We managed to create one more IOMMU group after reshuffling one of the GPUs:

$ lspci -nnk | grep -i  NVIDIA
27:00.0 3D controller [0302]: NVIDIA Corporation GV100GL [Tesla V100 PCIe 16GB] [10de:1db4] (rev a1)
    Subsystem: NVIDIA Corporation GV100GL [Tesla V100 PCIe 16GB] [10de:1214]
    Kernel modules: nvidiafb, nouveau
28:00.0 3D controller [0302]: NVIDIA Corporation GV100GL [Tesla V100 PCIe 16GB] [10de:1db4] (rev a1)
    Subsystem: NVIDIA Corporation GV100GL [Tesla V100 PCIe 16GB] [10de:1214]
    Kernel modules: nvidiafb, nouveau
44:00.0 3D controller [0302]: NVIDIA Corporation GV100GL [Tesla V100 PCIe 16GB] [10de:1db4] (rev a1)
    Subsystem: NVIDIA Corporation GV100GL [Tesla V100 PCIe 16GB] [10de:1214]
    Kernel modules: nvidiafb, nouveau
a3:00.0 3D controller [0302]: NVIDIA Corporation GV100GL [Tesla V100 PCIe 16GB] [10de:1db4] (rev a1)
    Subsystem: NVIDIA Corporation GV100GL [Tesla V100 PCIe 16GB] [10de:1214]
    Kernel modules: nvidiafb, nouveau
c3:00.0 3D controller [0302]: NVIDIA Corporation GV100GL [Tesla V100 PCIe 16GB] [10de:1db4] (rev a1)
    Subsystem: NVIDIA Corporation GV100GL [Tesla V100 PCIe 16GB] [10de:1214]
    Kernel modules: nvidiafb, nouveau
c4:00.0 3D controller [0302]: NVIDIA Corporation GV100GL [Tesla V100 PCIe 16GB] [10de:1db4] (rev a1)
    Subsystem: NVIDIA Corporation GV100GL [Tesla V100 PCIe 16GB] [10de:1214]
    Kernel modules: nvidiafb, nouveau
IOMMU Group 19 27:00.0 3D controller [0302]: NVIDIA Corporation GV100GL [Tesla V100 PCIe 16GB] [10de:1db4] (rev a1)
IOMMU Group 19 28:00.0 3D controller [0302]: NVIDIA Corporation GV100GL [Tesla V100 PCIe 16GB] [10de:1db4] (rev a1)

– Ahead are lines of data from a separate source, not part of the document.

(* Let $V$ be a real vector space of dimension $m$, $\Gamma$ a finitely generated free abelian dense subgroup of $V$ acting by translations, and $\mathcal C$ a countable $\Gamma$-invariant collection of affine hyperplanes of $V$ with finitely many $\Gamma$-orbits and normals spanning $V$. Let $\mathcal W=\{W_1,\dots,W_f\}\subset\mathcal C$ with $f>m$ such that the set of normal directions of $W_1,\dots,W_f$ is indecomposable. Suppose that $\mathcal P$ consists of finitely many $\Gamma$-orbits. Then for every $0\le l\le m$ and every $A\in\mathcal I_l$, $$\mathrm{rk}\,\Gamma^A=l\,\frac{\mathrm{rk}\,\Gamma}{\dim V}.$$ In particular $\dim V$ divides $\mathrm{rk}\,\Gamma$.
   Context: $\mathcal P$ is the set of points that are $0$-dimensional intersections of $m$ elements of $\mathcal C$. For $A\subset\{1,\dots,f\}$, $W_A=\bigcap_{i\in A}W_i$, and $\Gamma^A\subset\Gamma$ is the stabilizer of $W_A$ (those $\gamma$ with $W_A+\gamma=W_A$). $\mathcal I_l$ is the collection of subsets $A\subset\{1,\dots,f\}$ with $m-l$ elements such that $W_A$ has dimension $l$. A finite set of pairwise non-parallel nonzero vectors spanning $V$ is indecomposable if it admits no partition $A_1\cup A_2$ into nonempty parts with $\mathrm{span}(A_1)\cap\mathrm{span}(A_2)=0$. *)

From HB Require Import structures.
From mathcomp Require Import all_boot all_order all_algebra.
From mathcomp Require Import all_classical all_reals topology num_topology matrix_topology.
Import numFieldTopology.Exports.
Set Implicit Arguments. Unset Strict Implicit. Unset Printing Implicit Defensive.
Import Order.TTheory GRing.Theory Num.Theory.
Local Open Scope ring_scope.
Local Open Scope classical_set_scope.

(* V = R^m, realised as row vectors 'rV[R]_m. *)

Definition dotv (R : realType) (m : nat) (x y : 'rV[R]_m) : R := (x *m y^T) 0 0.

Definition is_normal (R : realType) (m : nat) (W : set 'rV[R]_m) (n : 'rV[R]_m) :=
  n != 0 /\ exists c : R, W = [set x | dotv x n = c].

Definition affine_hyperplane (R : realType) (m : nat) (W : set 'rV[R]_m) :=
  exists n, is_normal W n.

Definition translate (R : realType) (m : nat) (W : set 'rV[R]_m) (g : 'rV[R]_m) :=
  [set x + g | x in W].

Definition zcomb (R : realType) (m k : nat) (gs : 'I_k -> 'rV[R]_m) (c : 'I_k -> int) :=
  \sum_(i < k) gs i *~ c i.

Definition zfree (R : realType) (m k : nat) (gs : 'I_k -> 'rV[R]_m) :=
  forall c : 'I_k -> int, zcomb gs c = 0 -> forall i, c i = 0.
Lemma sigma2_le_sqsum p (B : \bar R) :
  (forall L, uniq L -> all (sigma2_index n) L ->
     ((sqsum L * \sum_(a <- L) inv_n2B R n a
         * iter p (rkerw w L (inv_nD R n)) (fun=> 1) a)%:E <= B)%E) ->
  (sigma2 w n p.+2 m <= B)%E.
Proof.
move=> QB; apply: ge_ereal_sup => _ [X HX <-].
have [L [uL idxL] XL] := sigma2_fsets_le HX.
by apply: le_trans XL (le_trans _ (QB L uL idxL)); rewrite lee_fin sum_iter_le_sqsum.
Qed.

End Sigma2.

Theorem lemma4 (R : realType) (w : int -> R) (n : nat) (m : int)
  (hw : (l2norm2 w < +oo)%E) (hn : (0 < n)%N) (hm : coset2 n m) :
  (sigma2 w n 2 m <= l2norm2 (rfun w) * (2 * ln (6 * n%:R) / n%:R)%:E)%E /\
  (forall s : nat, (3 <= s)%N ->
     (sigma2 w n s m <= l2norm2 (rfun w) * (2 * ln (6 * n%:R) / n%:R)%:E
        * ereal_sup [set sigma1 w n (s - 2) k | k in coset2 n])%E).
Proof.
set c := 2 * ln (6 * n%:R) / n%:R.
have c_gt0 : 0 < c by rewrite divr_gt0 ?ltr0n // mulr_gt0 // ln_gt0 // -natrM ltr1n; lia.
split.
  apply: sigma2_le_sqsum => L uL idxL /=; under eq_bigr do rewrite mulr1.
  rewrite EFinM; apply: lee_pmul; rewrite ?lee_fin ?sqsum_ge0 //.
  - by rewrite sumr_ge0 // => a _; exact: inv_n2B_ge0.
  - exact/(sqsum_le_l2norm2 w hm idxL).
  - exact: sum_inv_n2B_le.
case=> [|[|[|q]]] // _; rewrite subSS subSS subn0.
apply: sigma2_le_sqsum => L uL idxL.
rewrite EFinM -muleA; apply: lee_pmul; rewrite ?lee_fin ?sqsum_ge0 //.
- rewrite sumr_ge0 // => a _; rewrite mulr_ge0 ?inv_n2B_ge0 ?iter_rkerw_ge0 //.
  exact: inv_nD_ge0.
- exact/(sqsum_le_l2norm2 w hm idxL).
apply: sum_mul_le_sup; rewrite ?sum_inv_n2B_le ?sigma1_sup_ge0 //.
  exact: inv_n2B_ge0.
exact: iter_rkerw1_le_sup.
Qed.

IOMMU Group 32 44:00.0 3D controller [0302]: NVIDIA Corporation GV100GL [Tesla V100 PCIe 16GB] [10de:1db4] (rev a1)
IOMMU Group 75 a3:00.0 3D controller [0302]: NVIDIA Corporation GV100GL [Tesla V100 PCIe 16GB] [10de:1db4] (rev a1)

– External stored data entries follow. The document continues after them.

(* Let $\Theta$ be a typed signature. For every $\varphi\in\mathcal L_{\mathrm{VCL}}(\Theta)$, if $\varphi$ is true at every state of every VCL model over $\Theta$, then $\vdash_{\mathrm{VCL}_\Theta}\varphi$.
   Context: A typed signature is $\Theta=(\mathrm{Ag},X,\{D_x\}_{x\in X})$ with $\mathrm{Ag}$ a finite non-empty set of agents, $X$ a finite set of variables, each $D_x$ finite non-empty. $\overline C=\mathrm{Ag}\setminus C$, $\Sigma_C=\prod_{i\in C}\Sigma_i$ ($\Sigma_\varnothing$ a singleton). $\mathcal L_{\mathrm{VCL}}(\Theta)$: $\varphi::=\top\mid(x{=}c)\mid\neg\varphi\mid\varphi\wedge\psi\mid[C]\varphi$ ($x\in X,c\in D_x,C\subseteq\mathrm{Ag}$). A VCL model is $\mathcal M=(S,\{\Sigma_i\},o,\pi)$ with $S,\Sigma_i\neq\varnothing$, $o:S\times\Sigma_{\mathrm{Ag}}\to S$, $\pi:S\to\prod_x D_x$; $(x{=}c)$ true at $s$ iff $\pi(s)(x)=c$; Boolean clauses usual; $[C]\varphi$ true at $s$ iff $\exists\alpha_C\in\Sigma_C\,\forall\beta_{\overline C}\in\Sigma_{\overline C}$: $\varphi$ true at $o(s,\alpha_C\sqcup\beta_{\overline C})$. The Hilbert system $\mathrm{VCL}_\Theta$ has: all instances of classical propositional tautologies; for $C,D\subseteq\mathrm{Ag}$: (C1) $[C](\varphi\wedge\psi)\to[C]\varphi$; (C2) $\neg[C]\bot$; (C3) $[C]\top$; (C4) $[C]\varphi\wedge[D]\psi\to[C\cup D](\varphi\wedge\psi)$ when $C\cap D=\varnothing$; (C5) $\neg[\varnothing]\neg\varphi\to[\mathrm{Ag}]\varphi$; (V1) $\bigvee_{c\in D_x}(x{=}c)$; (V2) $(x{=}c)\to\neg(x{=}d)$ for distinct $c,d\in D_x$; rules MP and RE (from $\vdash\varphi\leftrightarrow\psi$ infer $\vdash[C]\varphi\leftrightarrow[C]\psi$). *)

From mathcomp Require Import all_boot.
Set Implicit Arguments. Unset Strict Implicit. Unset Printing Implicit Defensive.

Record signature := Signature {
  Ag : finType;
  Var : finType;
  Dom : Var -> finType;
  Ag_ne : 0 < #|Ag|;
  Dom_ne : forall x, 0 < #|Dom x|
}.

Section VCL.
Variable Th : signature.

Inductive form : Type :=
| fTop : form
| fEq : forall x : Var Th, @Dom Th x -> form
| fNeg : form -> form
| fAnd : form -> form -> form
| fBox : {set Ag Th} -> form -> form.

Definition fBot := fNeg fTop.
Definition fOr p q := fNeg (fAnd (fNeg p) (fNeg q)).
Definition fImp p q := fNeg (fAnd p (fNeg q)).
Definition fIff p q := fAnd (fImp p q) (fImp q p).
Definition bigOr (l : seq form) := foldr fOr fBot l.
Definition varDisj (x : Var Th) := bigOr [seq fEq c | c <- enum (@Dom Th x)].

(* Instances of classical propositional tautologies: formulas true under every
   Boolean assignment to their maximal non-Boolean subformulas (atoms
   (x=c) and [C]phi). *)
Fixpoint peval (v : form -> bool) (p : form) : bool :=
  match p with
  | fTop => true
  | fNeg q => ~~ peval v q
  | fAnd q r => peval v q && peval v r
  | _ => v p
  end.
Definition taut_instance (p : form) := forall v, peval v p.

Inductive provable : form -> Prop :=
| Ax_taut p : taut_instance p -> provable p
| Ax_C1 C p q : provable (fImp (fBox C (fAnd p q)) (fBox C p))
| Ax_C2 C : provable (fNeg (fBox C fBot))
| Ax_C3 C : provable (fBox C fTop)
| Ax_C4 C D p q : C :&: D = set0 ->
    provable (fImp (fAnd (fBox C p) (fBox D q)) (fBox (C :|: D) (fAnd p q)))
| Ax_C5 p : provable (fImp (fNeg (fBox set0 (fNeg p))) (fBox setT p))
| Ax_V1 x : provable (varDisj x)
| Ax_V2 x (c d : @Dom Th x) : c != d -> provable (fImp (fEq c) (fNeg (fEq d)))
| R_MP p q : provable p -> provable (fImp p q) -> provable q
| R_RE C p q : provable (fIff p q) -> provable (fIff (fBox C p) (fBox C q)).

Record model := Model {
  St : Type;
  Strat : Ag Th -> Type;
  St_ne : inhabited St;
  Strat_ne : forall i, inhabited (Strat i);
  out : St -> (forall i, Strat i) -> St;
  val : St -> forall x : Var Th, @Dom Th x
}.

Definition join (M : model) (C : {set Ag Th})
  (a : forall i, i \in C -> Strat M i) (b : forall i, i \notin C -> Strat M i)
  : forall i, Strat M i :=
  fun i => match boolP (i \in C) with
           | AltTrue h => a i h
           | AltFalse h => b i h
           end.

Fixpoint sat (M : model) (s : St M) (p : form) : Prop :=
  match p with
  | fTop => True
  | fEq x c => val s x = c
  | fNeg q => ~ @sat M s q
  | fAnd q r => @sat M s q /\ @sat M s r
  | fBox C q => exists a : (forall i, i \in C -> Strat M i),
                 forall b : (forall i, i \notin C -> Strat M i),
                   @sat M (out s (join a b)) q
  end.

Definition valid (p : form) := forall (M : model) (s : St M), @sat M s p.
End VCL.

From mathcomp Require Import all_boot.
From Stdlib Require Import Classical ClassicalEpsilon FunctionalExtensionality.
Set Implicit Arguments. Unset Strict Implicit. Unset Printing Implicit Defensive.

(* Completeness via a canonical model over the subformula closure of phi.
   States are atoms, i.e. Boolean assignments A to the closure, read as the
   conjunction delta_A of the corresponding literals.  A strategy is a proposal
   (D, psi) together with a number.  A nonempty D all of whose members propose
   D is an agreement at G if G derives [D] of their conjoined goals; by C4 the
   (disjoint) agreements jointly enforce the conjunction Psi of all agreed
   goals.  The successors of G are the atoms A such that G does not derive
   [empty](~(Psi /\ delta_A)), and the outcome is the successor indexed by the
   sum of all numbers modulo their count.  If G derives [C]q, the members of C
   propose (C, q) and every successor satisfies q.  Conversely, an agent
   outside a proper coalition C can steer the outcome to any successor with
   its number, so if [C]q held without being derivable some successor would
   refute q; for C = Ag this role is played by C5. *)

Ltac taut := let v := fresh "v" in move=> v; rewrite /= ?/fBot /=;
  repeat match goal with
  | |- context [peval ?v ?p] => case: (peval v p)
  | |- context [?v (fBox ?C ?p)] => case: (v (fBox C p))
  end; done.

IOMMU Group 87 c3:00.0 3D controller [0302]: NVIDIA Corporation GV100GL [Tesla V100 PCIe 16GB] [10de:1db4] (rev a1)
IOMMU Group 87 c4:00.0 3D controller [0302]: NVIDIA Corporation GV100GL [Tesla V100 PCIe 16GB] [10de:1db4] (rev a1)

So now we have 4 separate groups and upto 4 parallel VMs with GPUs can be created.